**Records to use**:

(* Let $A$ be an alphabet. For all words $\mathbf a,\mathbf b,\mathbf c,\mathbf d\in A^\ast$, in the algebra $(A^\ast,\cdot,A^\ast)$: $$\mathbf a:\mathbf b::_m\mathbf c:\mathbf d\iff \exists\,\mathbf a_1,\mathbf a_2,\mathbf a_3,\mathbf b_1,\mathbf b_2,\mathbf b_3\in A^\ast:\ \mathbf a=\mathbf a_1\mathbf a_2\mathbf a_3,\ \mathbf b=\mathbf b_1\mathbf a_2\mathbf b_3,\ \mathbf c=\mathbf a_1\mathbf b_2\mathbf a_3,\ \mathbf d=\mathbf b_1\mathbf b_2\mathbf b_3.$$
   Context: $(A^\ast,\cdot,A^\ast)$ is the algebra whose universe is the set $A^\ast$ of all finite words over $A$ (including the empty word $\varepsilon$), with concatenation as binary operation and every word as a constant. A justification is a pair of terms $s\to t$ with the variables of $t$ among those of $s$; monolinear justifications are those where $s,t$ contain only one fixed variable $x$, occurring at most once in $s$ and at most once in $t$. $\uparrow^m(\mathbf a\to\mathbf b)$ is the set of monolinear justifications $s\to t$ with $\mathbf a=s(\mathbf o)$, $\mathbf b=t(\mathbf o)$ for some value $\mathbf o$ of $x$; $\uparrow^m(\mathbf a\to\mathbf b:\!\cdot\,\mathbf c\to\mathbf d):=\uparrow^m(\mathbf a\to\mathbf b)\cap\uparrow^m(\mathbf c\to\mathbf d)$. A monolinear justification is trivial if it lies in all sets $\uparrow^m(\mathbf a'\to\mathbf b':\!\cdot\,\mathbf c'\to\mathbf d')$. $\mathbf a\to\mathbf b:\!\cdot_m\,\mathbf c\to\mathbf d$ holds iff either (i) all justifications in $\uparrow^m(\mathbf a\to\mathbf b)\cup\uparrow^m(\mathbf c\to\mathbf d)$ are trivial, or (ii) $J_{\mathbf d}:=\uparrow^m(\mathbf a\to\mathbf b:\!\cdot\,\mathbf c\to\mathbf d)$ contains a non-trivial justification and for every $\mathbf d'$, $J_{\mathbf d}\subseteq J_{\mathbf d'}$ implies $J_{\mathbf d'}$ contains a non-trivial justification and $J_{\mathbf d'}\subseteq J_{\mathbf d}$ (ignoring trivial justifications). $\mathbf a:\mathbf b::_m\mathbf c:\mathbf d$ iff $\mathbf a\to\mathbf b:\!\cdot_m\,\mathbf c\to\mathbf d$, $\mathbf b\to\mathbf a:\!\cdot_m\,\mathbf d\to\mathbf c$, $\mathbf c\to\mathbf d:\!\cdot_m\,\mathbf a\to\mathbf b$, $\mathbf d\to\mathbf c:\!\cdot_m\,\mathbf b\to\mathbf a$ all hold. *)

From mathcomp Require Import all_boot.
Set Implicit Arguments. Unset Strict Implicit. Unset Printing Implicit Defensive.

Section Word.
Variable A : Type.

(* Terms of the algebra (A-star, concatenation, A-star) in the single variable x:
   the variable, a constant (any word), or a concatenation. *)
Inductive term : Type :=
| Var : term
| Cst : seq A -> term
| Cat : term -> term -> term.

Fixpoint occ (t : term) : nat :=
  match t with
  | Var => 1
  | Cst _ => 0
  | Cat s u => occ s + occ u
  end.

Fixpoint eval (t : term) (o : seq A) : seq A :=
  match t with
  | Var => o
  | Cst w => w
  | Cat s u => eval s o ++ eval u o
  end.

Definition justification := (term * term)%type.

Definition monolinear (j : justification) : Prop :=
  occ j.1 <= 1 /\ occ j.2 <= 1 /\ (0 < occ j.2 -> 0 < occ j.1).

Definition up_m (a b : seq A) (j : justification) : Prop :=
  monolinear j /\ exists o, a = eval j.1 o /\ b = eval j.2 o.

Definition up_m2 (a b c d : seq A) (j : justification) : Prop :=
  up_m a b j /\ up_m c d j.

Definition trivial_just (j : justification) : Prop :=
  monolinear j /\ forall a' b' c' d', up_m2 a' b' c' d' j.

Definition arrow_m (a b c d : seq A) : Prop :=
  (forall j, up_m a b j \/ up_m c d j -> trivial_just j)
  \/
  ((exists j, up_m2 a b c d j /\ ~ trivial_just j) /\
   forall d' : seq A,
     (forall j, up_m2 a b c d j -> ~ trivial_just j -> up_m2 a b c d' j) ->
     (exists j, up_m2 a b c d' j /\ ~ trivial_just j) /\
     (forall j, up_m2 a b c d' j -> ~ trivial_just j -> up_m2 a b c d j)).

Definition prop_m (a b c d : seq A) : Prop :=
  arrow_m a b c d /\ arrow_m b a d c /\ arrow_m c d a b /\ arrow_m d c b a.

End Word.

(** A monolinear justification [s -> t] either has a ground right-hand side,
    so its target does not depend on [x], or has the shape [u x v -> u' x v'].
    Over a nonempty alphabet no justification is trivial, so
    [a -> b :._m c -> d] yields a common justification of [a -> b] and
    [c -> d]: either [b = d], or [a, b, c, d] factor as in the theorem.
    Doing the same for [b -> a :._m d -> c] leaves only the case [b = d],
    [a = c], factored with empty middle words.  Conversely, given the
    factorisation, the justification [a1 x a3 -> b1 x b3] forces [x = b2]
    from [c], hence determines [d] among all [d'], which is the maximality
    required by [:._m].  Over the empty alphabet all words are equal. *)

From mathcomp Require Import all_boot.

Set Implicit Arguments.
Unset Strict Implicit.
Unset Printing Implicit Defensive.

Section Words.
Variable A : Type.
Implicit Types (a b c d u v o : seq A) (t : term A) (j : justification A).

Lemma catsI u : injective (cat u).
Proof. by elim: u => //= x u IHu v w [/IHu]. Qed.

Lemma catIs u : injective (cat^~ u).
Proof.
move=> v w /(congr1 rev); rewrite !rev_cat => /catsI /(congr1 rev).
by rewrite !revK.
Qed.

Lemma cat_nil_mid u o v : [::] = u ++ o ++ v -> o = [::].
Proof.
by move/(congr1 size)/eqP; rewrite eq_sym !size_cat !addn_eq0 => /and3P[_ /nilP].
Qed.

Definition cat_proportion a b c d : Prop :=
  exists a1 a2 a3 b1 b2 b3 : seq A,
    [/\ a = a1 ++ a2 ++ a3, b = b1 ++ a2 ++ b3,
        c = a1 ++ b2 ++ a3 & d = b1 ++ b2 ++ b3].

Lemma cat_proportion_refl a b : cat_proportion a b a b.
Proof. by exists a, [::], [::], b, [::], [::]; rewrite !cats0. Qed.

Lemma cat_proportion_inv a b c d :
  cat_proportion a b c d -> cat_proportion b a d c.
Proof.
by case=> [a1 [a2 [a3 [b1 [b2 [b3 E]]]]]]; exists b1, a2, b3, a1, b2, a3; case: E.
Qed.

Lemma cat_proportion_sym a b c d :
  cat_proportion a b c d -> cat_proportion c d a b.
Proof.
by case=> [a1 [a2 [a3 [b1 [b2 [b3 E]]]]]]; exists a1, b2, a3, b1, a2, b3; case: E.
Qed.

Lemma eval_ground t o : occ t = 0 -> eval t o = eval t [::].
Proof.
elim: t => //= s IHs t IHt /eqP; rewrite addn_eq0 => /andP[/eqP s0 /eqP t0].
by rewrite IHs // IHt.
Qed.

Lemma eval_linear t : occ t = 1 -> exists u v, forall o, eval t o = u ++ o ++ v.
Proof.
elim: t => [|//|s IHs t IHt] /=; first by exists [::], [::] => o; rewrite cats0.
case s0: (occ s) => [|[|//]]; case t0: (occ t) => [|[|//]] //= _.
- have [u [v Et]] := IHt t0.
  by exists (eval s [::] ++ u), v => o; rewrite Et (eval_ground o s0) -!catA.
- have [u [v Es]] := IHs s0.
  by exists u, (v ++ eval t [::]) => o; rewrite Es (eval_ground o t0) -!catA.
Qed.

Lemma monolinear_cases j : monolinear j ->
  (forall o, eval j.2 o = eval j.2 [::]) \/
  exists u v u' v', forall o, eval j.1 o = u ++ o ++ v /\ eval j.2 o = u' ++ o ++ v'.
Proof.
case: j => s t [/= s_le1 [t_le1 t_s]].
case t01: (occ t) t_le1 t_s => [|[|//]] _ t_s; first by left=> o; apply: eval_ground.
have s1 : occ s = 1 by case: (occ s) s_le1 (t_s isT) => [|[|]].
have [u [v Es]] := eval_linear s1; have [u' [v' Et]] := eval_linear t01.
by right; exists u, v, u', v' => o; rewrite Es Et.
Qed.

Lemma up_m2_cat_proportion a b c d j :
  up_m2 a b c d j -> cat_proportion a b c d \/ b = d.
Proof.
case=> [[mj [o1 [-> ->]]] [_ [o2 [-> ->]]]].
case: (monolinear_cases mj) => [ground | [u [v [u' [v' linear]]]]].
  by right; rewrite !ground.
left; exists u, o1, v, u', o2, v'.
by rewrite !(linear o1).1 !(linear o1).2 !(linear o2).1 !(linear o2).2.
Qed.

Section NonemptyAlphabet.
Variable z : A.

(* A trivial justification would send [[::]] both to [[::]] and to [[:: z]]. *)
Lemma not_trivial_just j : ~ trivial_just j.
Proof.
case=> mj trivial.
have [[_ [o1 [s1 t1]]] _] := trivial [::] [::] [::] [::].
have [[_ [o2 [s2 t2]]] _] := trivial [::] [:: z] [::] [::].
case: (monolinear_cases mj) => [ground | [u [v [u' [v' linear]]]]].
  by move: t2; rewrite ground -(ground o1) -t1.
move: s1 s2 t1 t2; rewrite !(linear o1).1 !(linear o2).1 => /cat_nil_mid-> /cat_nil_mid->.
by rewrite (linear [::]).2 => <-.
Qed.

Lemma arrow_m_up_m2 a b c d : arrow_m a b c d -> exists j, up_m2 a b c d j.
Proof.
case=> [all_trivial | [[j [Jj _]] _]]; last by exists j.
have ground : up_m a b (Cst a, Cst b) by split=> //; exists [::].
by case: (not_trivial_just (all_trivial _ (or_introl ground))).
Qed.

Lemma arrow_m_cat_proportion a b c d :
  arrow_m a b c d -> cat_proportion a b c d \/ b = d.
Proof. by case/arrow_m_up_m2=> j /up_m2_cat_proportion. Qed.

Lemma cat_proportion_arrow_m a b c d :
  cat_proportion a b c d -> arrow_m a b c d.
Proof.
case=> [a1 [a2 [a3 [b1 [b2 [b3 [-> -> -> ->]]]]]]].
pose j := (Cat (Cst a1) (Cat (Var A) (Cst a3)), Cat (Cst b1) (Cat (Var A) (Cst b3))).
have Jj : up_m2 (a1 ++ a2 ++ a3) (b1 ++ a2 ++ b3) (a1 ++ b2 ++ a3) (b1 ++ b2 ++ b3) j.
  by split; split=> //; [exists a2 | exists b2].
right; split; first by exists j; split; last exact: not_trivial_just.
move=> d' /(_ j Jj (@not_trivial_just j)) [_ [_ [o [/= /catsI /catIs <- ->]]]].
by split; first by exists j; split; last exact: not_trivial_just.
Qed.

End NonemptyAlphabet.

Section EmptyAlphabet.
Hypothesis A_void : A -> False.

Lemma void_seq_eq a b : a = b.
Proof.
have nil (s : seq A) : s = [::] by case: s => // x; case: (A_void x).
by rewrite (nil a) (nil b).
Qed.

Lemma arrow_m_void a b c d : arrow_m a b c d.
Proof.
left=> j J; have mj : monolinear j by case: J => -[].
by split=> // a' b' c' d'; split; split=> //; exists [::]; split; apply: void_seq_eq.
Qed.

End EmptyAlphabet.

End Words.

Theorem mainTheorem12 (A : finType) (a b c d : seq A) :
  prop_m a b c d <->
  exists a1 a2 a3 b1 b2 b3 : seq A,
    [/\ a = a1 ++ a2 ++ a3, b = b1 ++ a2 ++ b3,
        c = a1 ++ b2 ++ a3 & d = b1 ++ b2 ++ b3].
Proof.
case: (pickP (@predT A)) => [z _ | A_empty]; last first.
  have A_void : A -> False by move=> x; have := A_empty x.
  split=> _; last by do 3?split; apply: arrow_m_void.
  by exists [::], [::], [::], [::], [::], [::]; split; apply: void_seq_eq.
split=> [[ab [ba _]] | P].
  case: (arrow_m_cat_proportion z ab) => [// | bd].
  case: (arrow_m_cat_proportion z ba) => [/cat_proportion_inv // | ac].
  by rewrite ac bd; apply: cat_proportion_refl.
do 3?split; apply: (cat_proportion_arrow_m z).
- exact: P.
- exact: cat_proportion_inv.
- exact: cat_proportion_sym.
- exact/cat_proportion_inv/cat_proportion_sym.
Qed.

---

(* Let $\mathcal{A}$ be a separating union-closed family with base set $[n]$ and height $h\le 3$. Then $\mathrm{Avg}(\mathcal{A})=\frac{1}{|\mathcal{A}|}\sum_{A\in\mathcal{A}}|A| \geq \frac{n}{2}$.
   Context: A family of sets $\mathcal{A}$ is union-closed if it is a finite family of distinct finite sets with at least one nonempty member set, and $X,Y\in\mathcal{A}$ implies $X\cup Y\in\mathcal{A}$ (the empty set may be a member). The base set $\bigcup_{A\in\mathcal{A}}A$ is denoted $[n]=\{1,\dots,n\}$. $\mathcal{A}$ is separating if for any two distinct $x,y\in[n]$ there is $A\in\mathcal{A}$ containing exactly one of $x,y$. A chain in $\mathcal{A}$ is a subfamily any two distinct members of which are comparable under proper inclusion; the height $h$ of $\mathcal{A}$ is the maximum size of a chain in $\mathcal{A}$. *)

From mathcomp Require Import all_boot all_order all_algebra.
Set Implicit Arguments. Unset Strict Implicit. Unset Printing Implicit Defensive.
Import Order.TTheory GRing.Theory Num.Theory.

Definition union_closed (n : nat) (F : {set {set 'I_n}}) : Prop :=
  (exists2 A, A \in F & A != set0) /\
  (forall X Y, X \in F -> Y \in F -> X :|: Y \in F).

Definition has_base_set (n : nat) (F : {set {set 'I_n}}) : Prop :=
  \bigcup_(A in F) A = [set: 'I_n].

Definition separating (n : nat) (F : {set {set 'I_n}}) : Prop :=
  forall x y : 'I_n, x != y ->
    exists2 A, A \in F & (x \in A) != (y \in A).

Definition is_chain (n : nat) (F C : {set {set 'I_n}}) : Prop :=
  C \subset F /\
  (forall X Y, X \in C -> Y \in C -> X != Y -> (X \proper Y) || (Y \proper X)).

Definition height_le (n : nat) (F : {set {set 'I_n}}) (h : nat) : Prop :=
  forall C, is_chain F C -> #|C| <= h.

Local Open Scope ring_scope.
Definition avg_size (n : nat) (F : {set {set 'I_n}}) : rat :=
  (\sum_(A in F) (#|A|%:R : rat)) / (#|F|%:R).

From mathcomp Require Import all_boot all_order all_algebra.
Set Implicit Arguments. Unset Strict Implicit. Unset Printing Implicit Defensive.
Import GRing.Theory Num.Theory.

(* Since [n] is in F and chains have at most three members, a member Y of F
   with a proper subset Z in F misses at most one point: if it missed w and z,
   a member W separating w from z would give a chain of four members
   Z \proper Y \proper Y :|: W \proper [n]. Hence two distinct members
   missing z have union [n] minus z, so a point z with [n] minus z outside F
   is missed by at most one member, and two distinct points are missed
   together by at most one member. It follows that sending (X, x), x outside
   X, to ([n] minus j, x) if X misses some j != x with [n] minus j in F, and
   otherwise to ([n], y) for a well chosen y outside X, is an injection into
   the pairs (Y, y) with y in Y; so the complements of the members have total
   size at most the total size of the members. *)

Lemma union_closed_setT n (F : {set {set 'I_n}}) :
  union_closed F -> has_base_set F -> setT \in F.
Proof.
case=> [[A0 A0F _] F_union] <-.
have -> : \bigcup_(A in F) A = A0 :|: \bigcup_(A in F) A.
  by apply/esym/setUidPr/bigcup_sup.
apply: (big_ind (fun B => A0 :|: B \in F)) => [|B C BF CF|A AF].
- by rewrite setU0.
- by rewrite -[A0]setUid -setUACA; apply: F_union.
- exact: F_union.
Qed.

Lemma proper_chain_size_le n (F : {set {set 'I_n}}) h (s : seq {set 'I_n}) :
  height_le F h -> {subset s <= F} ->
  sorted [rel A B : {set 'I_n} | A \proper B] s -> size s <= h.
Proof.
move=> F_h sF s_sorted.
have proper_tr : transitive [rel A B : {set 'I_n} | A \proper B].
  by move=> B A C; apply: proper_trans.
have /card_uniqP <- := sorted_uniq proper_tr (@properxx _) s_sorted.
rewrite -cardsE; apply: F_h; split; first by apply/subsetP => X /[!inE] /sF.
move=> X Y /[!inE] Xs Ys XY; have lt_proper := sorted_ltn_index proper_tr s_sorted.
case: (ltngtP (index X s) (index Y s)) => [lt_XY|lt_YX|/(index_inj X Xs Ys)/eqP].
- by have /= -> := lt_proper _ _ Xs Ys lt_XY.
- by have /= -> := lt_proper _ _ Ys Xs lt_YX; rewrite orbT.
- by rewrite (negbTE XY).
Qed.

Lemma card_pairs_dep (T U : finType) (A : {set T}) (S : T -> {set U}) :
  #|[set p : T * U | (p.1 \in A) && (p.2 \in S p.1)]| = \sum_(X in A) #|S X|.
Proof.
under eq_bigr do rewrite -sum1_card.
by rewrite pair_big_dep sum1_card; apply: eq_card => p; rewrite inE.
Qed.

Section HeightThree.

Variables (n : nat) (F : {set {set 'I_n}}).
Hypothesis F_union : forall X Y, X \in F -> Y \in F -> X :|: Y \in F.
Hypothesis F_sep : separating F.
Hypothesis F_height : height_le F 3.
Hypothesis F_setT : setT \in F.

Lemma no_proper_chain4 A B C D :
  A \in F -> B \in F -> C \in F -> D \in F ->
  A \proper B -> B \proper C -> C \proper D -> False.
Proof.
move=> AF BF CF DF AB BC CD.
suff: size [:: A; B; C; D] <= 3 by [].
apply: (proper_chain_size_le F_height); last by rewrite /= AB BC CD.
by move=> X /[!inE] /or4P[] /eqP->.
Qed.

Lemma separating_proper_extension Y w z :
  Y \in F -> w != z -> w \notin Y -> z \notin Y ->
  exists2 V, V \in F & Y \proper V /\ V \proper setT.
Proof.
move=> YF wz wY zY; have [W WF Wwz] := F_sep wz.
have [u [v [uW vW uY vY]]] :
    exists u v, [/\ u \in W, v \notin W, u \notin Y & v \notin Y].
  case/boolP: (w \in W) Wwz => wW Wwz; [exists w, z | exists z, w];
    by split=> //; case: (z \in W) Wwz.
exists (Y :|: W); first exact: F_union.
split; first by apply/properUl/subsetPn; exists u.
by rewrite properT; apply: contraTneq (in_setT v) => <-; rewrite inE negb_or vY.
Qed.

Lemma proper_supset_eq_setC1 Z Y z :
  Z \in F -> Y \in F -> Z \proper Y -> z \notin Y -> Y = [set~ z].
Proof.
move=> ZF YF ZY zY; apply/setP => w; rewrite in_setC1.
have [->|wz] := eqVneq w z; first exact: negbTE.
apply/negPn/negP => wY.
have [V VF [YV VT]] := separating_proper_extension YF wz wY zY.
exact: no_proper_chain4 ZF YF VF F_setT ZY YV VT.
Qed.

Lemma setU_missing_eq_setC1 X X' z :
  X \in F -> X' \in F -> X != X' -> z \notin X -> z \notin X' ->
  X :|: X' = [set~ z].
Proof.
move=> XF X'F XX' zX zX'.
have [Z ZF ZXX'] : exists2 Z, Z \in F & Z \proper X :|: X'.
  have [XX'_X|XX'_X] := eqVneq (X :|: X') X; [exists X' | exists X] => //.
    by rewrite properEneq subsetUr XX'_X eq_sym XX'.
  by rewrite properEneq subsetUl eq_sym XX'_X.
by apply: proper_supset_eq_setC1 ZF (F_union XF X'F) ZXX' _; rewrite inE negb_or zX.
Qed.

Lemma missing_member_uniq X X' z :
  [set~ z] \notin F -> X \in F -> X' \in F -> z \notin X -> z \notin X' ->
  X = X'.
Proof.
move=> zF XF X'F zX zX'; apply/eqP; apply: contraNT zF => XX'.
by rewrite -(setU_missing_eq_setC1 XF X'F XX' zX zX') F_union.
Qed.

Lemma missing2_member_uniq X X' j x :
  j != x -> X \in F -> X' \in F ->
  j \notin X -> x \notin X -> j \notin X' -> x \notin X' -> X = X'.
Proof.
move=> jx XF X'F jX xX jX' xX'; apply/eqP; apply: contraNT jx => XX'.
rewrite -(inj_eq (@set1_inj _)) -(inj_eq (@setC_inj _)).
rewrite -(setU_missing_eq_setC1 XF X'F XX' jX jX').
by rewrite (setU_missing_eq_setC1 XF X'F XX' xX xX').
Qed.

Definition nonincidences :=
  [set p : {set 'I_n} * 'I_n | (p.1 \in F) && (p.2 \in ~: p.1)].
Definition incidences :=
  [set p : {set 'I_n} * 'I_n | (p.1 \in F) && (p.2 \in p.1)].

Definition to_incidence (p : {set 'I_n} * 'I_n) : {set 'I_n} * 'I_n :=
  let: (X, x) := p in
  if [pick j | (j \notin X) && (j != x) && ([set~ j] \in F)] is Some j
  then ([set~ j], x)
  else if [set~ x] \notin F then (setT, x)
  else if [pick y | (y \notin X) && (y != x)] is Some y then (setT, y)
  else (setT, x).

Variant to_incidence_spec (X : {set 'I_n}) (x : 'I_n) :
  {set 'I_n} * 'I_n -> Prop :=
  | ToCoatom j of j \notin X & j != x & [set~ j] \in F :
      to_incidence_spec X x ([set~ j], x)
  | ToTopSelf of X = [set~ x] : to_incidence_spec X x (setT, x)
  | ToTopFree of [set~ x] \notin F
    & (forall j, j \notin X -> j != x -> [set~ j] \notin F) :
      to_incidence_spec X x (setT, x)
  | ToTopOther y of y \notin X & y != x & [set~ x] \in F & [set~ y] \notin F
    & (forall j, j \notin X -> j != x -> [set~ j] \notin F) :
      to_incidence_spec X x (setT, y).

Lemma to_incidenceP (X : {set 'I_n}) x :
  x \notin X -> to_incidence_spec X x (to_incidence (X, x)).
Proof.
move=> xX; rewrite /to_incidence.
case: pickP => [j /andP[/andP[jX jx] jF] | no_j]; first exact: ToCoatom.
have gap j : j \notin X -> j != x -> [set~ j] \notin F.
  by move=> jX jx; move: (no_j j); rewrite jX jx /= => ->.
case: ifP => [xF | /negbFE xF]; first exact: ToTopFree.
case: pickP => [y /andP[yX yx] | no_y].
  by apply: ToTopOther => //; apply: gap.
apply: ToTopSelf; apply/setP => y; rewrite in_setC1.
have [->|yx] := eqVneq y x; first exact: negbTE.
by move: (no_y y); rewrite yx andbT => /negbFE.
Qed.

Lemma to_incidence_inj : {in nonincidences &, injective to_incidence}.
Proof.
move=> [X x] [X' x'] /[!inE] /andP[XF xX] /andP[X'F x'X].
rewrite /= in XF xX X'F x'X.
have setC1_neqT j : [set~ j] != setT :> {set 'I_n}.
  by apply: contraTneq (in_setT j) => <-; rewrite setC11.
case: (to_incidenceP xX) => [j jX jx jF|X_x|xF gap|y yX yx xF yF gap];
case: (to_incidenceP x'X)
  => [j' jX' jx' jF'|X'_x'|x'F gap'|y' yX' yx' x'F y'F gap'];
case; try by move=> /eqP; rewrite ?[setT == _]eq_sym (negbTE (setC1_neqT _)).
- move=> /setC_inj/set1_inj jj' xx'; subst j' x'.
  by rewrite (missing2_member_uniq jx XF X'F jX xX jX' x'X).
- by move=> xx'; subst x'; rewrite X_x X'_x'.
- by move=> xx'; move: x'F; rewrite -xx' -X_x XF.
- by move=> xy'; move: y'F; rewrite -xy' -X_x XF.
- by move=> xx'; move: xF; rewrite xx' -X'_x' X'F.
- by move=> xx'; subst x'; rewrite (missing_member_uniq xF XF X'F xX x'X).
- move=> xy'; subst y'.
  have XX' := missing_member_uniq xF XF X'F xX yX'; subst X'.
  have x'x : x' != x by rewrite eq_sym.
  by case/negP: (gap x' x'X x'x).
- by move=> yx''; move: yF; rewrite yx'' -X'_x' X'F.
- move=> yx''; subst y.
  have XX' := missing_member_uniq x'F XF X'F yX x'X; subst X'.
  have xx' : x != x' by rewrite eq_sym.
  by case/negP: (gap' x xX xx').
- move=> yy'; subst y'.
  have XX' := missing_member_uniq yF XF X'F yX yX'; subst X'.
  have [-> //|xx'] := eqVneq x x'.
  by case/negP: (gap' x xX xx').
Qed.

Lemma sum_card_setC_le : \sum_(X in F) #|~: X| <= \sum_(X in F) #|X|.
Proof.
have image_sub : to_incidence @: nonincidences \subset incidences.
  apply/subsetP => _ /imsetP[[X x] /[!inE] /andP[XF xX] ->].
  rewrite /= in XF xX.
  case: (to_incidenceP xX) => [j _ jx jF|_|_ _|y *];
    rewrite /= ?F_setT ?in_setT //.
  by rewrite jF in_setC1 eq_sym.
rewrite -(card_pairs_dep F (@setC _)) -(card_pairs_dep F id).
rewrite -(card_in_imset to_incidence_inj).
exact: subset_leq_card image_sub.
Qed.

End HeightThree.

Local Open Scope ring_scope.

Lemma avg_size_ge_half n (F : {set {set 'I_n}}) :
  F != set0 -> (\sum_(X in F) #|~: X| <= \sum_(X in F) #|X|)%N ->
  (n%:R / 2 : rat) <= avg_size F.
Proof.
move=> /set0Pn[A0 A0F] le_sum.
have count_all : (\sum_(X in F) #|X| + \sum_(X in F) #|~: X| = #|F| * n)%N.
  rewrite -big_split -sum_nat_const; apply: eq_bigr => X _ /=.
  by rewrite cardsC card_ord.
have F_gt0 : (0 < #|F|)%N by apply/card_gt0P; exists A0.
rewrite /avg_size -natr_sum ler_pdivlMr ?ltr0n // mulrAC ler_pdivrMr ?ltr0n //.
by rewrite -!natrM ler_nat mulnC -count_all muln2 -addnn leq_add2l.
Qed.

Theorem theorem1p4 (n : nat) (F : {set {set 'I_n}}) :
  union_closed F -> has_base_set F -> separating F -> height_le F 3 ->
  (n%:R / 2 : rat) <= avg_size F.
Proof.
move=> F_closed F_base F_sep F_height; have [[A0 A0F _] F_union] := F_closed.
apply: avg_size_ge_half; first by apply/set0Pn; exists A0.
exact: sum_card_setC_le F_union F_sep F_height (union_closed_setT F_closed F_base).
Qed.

**Work instructions**: Lines containing the word "misses" are to be tallied across the entries above; give only the resulting count.

**Solution to the problem**: 2